Objective 1: Order Conversion Rate Trending
Pull monthly trends for ‘gsearch’ sessions and ‘orders’ so that we can showcase Order Rate growth (In terms of Website Session volume, Order volume, and Conversion Rate)

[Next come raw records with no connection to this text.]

(* For all real $x\ge2$, $x^{-2}+x^{-2/x}<1$. *)

From Stdlib Require Import Reals.

(** Write [x^(-2/x) = exp (-u)] with [u = 2 ln x / x]. Since [exp u > 1 + u],
    it suffices that [1/x^2 + 1/(1+u) <= 1], i.e. [(x^2 - 1) u >= 1]; and for
    [x >= 2] we have [ln x >= ln 2 > 1/2], so [(x^2 - 1) u > (x^2 - 1)/x >= 3/2]. *)
From Stdlib Require Import Reals Lra Psatz.
Open Scope R_scope.

Lemma exp_neg_lt_inv (v : R) : 0 < v -> exp (- v) < / (1 + v).
Proof.
  intros Hv; rewrite exp_Ropp.
  apply Rinv_lt_contravar.
  - apply Rmult_lt_0_compat; [lra | apply exp_pos].
  - apply exp_ineq1; lra.
Qed.

Lemma Rpower_neg_lt_inv (x a : R) :
  0 < a * ln x -> Rpower x (- a) < / (1 + a * ln x).
Proof.
  intros Hv; unfold Rpower.
  replace (- a * ln x) with (- (a * ln x)) by ring.
  now apply exp_neg_lt_inv.
Qed.

Lemma Rpower_neg2 (x : R) : 0 < x -> Rpower x (-2) = / (x * x).
Proof.
  intros Hx.
  replace (-2) with (- INR 2) by (simpl; ring).
  rewrite Rpower_Ropp, Rpower_pow by exact Hx.
  simpl; now rewrite Rmult_1_r.
Qed.

Lemma ln_gt_half (x : R) : 2 <= x -> / 2 < ln x.
Proof.
  intros Hx; pose proof ln_lt_2.
  destruct (Req_dec x 2) as [-> | Hne]; [lra |].
  pose proof (ln_increasing 2 x ltac:(lra) ltac:(lra)); lra.
Qed.

Lemma inv_add_inv_lt_1 (y u : R) :
  1 < y -> 0 < u -> 1 < (y - 1) * u -> / y + / (1 + u) < 1.
Proof.
  intros Hy Hu Hyu.
  apply Rmult_lt_reg_r with (y * (1 + u)); [nra |].
  rewrite Rmult_plus_distr_r, Rmult_1_l.
  replace (/ y * (y * (1 + u))) with (1 + u) by (field; lra).
  replace (/ (1 + u) * (y * (1 + u))) with y by (field; lra).
  nra.
Qed.

Theorem mainTheorem14 (x : R) (hx : 2 <= x) :
  Rpower x (-2) + Rpower x (-2 / x) < 1.
Proof.
  assert (Hx : 0 < x) by lra.
  pose proof (ln_gt_half x hx) as HL.
  set (u := 2 / x * ln x).
  assert (Hu : 0 < u) by (unfold u; apply Rmult_lt_0_compat;
                          [apply Rdiv_lt_0_compat |]; lra).
  assert (Hgrow : 1 < (x * x - 1) * u).
  { replace ((x * x - 1) * u) with (2 * ln x * (x - / x)) by (unfold u; field; lra).
    assert (/ x <= / 2) by (apply Rinv_le_contravar; lra).
    nra. }
  replace (-2 / x) with (- (2 / x)) by (field; lra).
  rewrite Rpower_neg2 by exact Hx.
  pose proof (Rpower_neg_lt_inv x (2 / x) Hu) as Hexp; fold u in Hexp.
  pose proof (inv_add_inv_lt_1 (x * x) u ltac:(nra) Hu Hgrow).
  lra.
Qed.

(Note: ‘gsearch’ is a UTM parameter that indicates if a potential customer found the website via the ‘gsearch’ search engine)
SELECT
DATE_FORMAT(website_sessions.created_at, '%Y/%m') AS yr_mo,
COUNT(DISTINCT website_sessions.website_session_id) AS sessions,
COUNT(DISTINCT orders.order_id) AS orders,
COUNT(DISTINCT orders.order_id)/COUNT(DISTINCT website_sessions.website_session_id) AS order_rate
FROM website_sessions
LEFT JOIN orders
ON website_sessions.website_session_id = orders.website_session_id
WHERE website_sessions.utm_source = 'gsearch'
GROUP BY 1;
yr_mo | sessions | orders | order_rate |
---|---|---|---|
2012/03 | 1843 | 59 | 0.0320 |
2012/04 | 3569 | 93 | 0.0261 |
2012/05 | 3405 | 96 | 0.0282 |
2012/06 | 3590 | 121 | 0.0337 |
2012/07 | 3797 | 145 | 0.0382 |
2012/08 | 4887 | 184 | 0.0377 |
2012/09 | 4487 | 186 | 0.0415 |
2012/10 | 5519 | 237 | 0.0429 |
2012/11 | 9732 | 414 | 0.0425 |
2012/12 | 7033 | 335 | 0.0476 |
2013/01 | 4211 | 244 | 0.0579 |
2013/02 | 5108 | 338 | 0.0662 |
2013/03 | 4445 | 272 | 0.0612 |
2013/04 | 5729 | 395 | 0.0689 |
2013/05 | 5991 | 392 | 0.0654 |
Displaying records 1 - 15
Evidently our Session volume and Conversion Rate has been increasing steadily since the inception of the business, exactly what we would want to see.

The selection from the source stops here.